Privacy Notice
Last updated: February 22, 2026
This notice describes how DRTV Attribution handles personal data when organizations use the platform for analytics, governance, and operational reporting.
1. Data Controller and Contact
The customer organization is the primary controller for campaign and donation data uploaded to the platform. The platform provider acts as processor for hosted services.
Privacy requests: privacy@example.org
2. Categories of Data
Uploaded datasets may include operational campaign data, transaction timestamps, campaign identifiers, donation amounts, and user account metadata (name, role, authentication events).
3. Purposes and Lawful Basis
Data is processed to provide attribution analytics, secure access control, auditability, and service reliability. Typical legal bases are contract performance and legitimate interests in service security and fraud prevention.
4. Retention
Retention periods are defined by customer policy and contractual settings. Audit and governance records may be retained longer where required for compliance, financial accountability, or dispute resolution.
5. Security Controls
Controls include role-based access, authentication, rate limiting, security headers, signed audit exports, and operational monitoring. Customers are responsible for access governance in their own tenant.

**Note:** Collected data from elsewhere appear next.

Lemma nsum_swap (F : nat -> nat -> nat) N B :
  nsum (fun j => nsum (F j) N) B = nsum (fun m => nsum (fun j => F j m) B) N.
Proof.
  induction B as [|B IH]; simpl.
  - induction N; simpl; lia.
  - rewrite IH, <- nsum_add. reflexivity.
Qed.

Lemma count_le_length Q N : count Q N <= N.
Proof.
  unfold count. rewrite <- (Nat.mul_1_r N) at 2. rewrite <- nsum_const.
  apply nsum_le. intros; apply Nat.b2n_le_1.
Qed.

Lemma count_le_of_vanish Q k N : (forall j, k <= j < N -> Q j = false) -> count Q N <= k.
Proof.
  induction N as [|N IH]; intros H; unfold count in *; simpl; [lia|].
  destruct (le_lt_dec k N).
  - rewrite H by lia. specialize (IH ltac:(intros; apply H; lia)). simpl. lia.
  - pose proof (count_le_length Q N). unfold count in H0.
    pose proof (Nat.b2n_le_1 (Q N)). lia.
Qed.

Lemma count_le_split Q n1 N : count Q N <= n1 + count (fun n => Q n && (n1 <=? n)) N.
Proof.
  assert (Hbelow : count (fun n => n <? n1) N <= n1).
  { apply count_le_of_vanish. intros j Hj. apply Nat.ltb_ge. lia. }
  enough (count Q N <= count (fun n => Q n && (n1 <=? n)) N + count (fun n => n <? n1) N)
    by lia.
  unfold count. rewrite <- nsum_add. apply nsum_le. intros i _.
  destruct (Q i); simpl; [|lia].
  destruct (Nat.leb_spec n1 i), (Nat.ltb_spec i n1); simpl; lia.
Qed.

Section Gaps.

Variables a b : nat.
Hypothesis a_pos : 1 <= a.

Lemma count_window (F : nat -> bool) :
  (forall i j, a <= j <= b -> F i = true -> F (i + j) = false) ->
  forall M i, M <= S b -> count (fun j => F (i + j)) M <= a.
Proof.
  intros Hgap M. induction M as [|M IH]; intros i HM; [unfold count; simpl; lia|].
  unfold count. rewrite nsum_succ_l, Nat.add_0_r.
  destruct (F i) eqn:Fi; simpl.
  - enough (count (fun j => F (i + S j)) M <= a - 1) by (unfold count in *; lia).
    apply count_le_of_vanish. intros j Hj. apply (Hgap i (S j)); [lia | exact Fi].
  - rewrite (nsum_ext _ (fun j => Nat.b2n (F (S i + j)))) by (intros; do 2 f_equal; lia).
    apply IH; lia.
Qed.

Lemma count_le_of_gaps (Q : nat -> bool) (h : nat) :
  (forall n j, a <= j <= b -> Q n = true -> Q (n + j * h) = false) ->
  forall N, S b * count Q N <= N * a + S b * (b * h).
Proof.
  intros Hgap N.
  (* average the count over the shifts 0, h, ..., b h *)
  assert (Hshift : forall j, j <= b ->
            count Q N <= j * h + count (fun m => Q (m + j * h)) N).
  { intros j Hj.
    apply Nat.le_trans with (count Q (j * h + N)).
    - rewrite Nat.add_comm. unfold count. rewrite nsum_split. lia.
    - unfold count. rewrite nsum_split.
      pose proof (count_le_length Q (j * h)). unfold count in H.
      rewrite (nsum_ext (fun m => Nat.b2n (Q (j * h + m))) (fun m => Nat.b2n (Q (m + j * h))))
        by (intros; do 2 f_equal; lia).
      lia. }
  assert (Hwindows : nsum (fun j => count (fun m => Q (m + j * h)) N) (S b) <= N * a).
  { unfold count. rewrite (nsum_swap (fun j m => Nat.b2n (Q (m + j * h)))).
    rewrite <- (nsum_const a N). apply nsum_le. intros m _.
    assert (Hgap_m : forall i j, a <= j <= b -> Q (m + i * h) = true ->
                                 Q (m + (i + j) * h) = false).
    { intros i j Hj Hi. replace (m + (i + j) * h) with (m + i * h + j * h) by lia.
      apply Hgap; assumption. }
    exact (count_window (fun j => Q (m + j * h)) Hgap_m (S b) 0 (le_n _)). }
  assert (Hoffsets : nsum (fun j => j * h) (S b) <= S b * (b * h)).
  { rewrite <- (nsum_const (b * h) (S b)). apply nsum_le. intros; nia. }
  rewrite <- (nsum_const (count Q N) (S b)).
  apply Nat.le_trans with (nsum (fun j => j * h + count (fun m => Q (m + j * h)) N) (S b)).
  - apply nsum_le. intros j Hj. apply Hshift. lia.
  - rewrite nsum_add. lia.
Qed.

6. International Transfers
Where data is transferred across jurisdictions, contractual and technical safeguards must be applied by the customer and provider according to applicable law.
7. Data Subject Rights
Depending on jurisdiction, individuals may request access, correction, deletion, restriction, portability, or objection. Requests should be directed to the customer organization first, then to the provider where processor support is required.
8. Subprocessors
Hosting and infrastructure subprocessors may be used to provide runtime services, monitoring, and backup. Customers should maintain an approved subprocessor register in procurement records.
9. Incident Response
Security incidents are handled under documented runbooks. Material incidents affecting personal data are escalated and notified according to contractual and legal obligations.
10. Policy Updates
This notice can be updated to reflect legal, operational, or architectural changes. Material changes should be reviewed with legal and compliance stakeholders before release.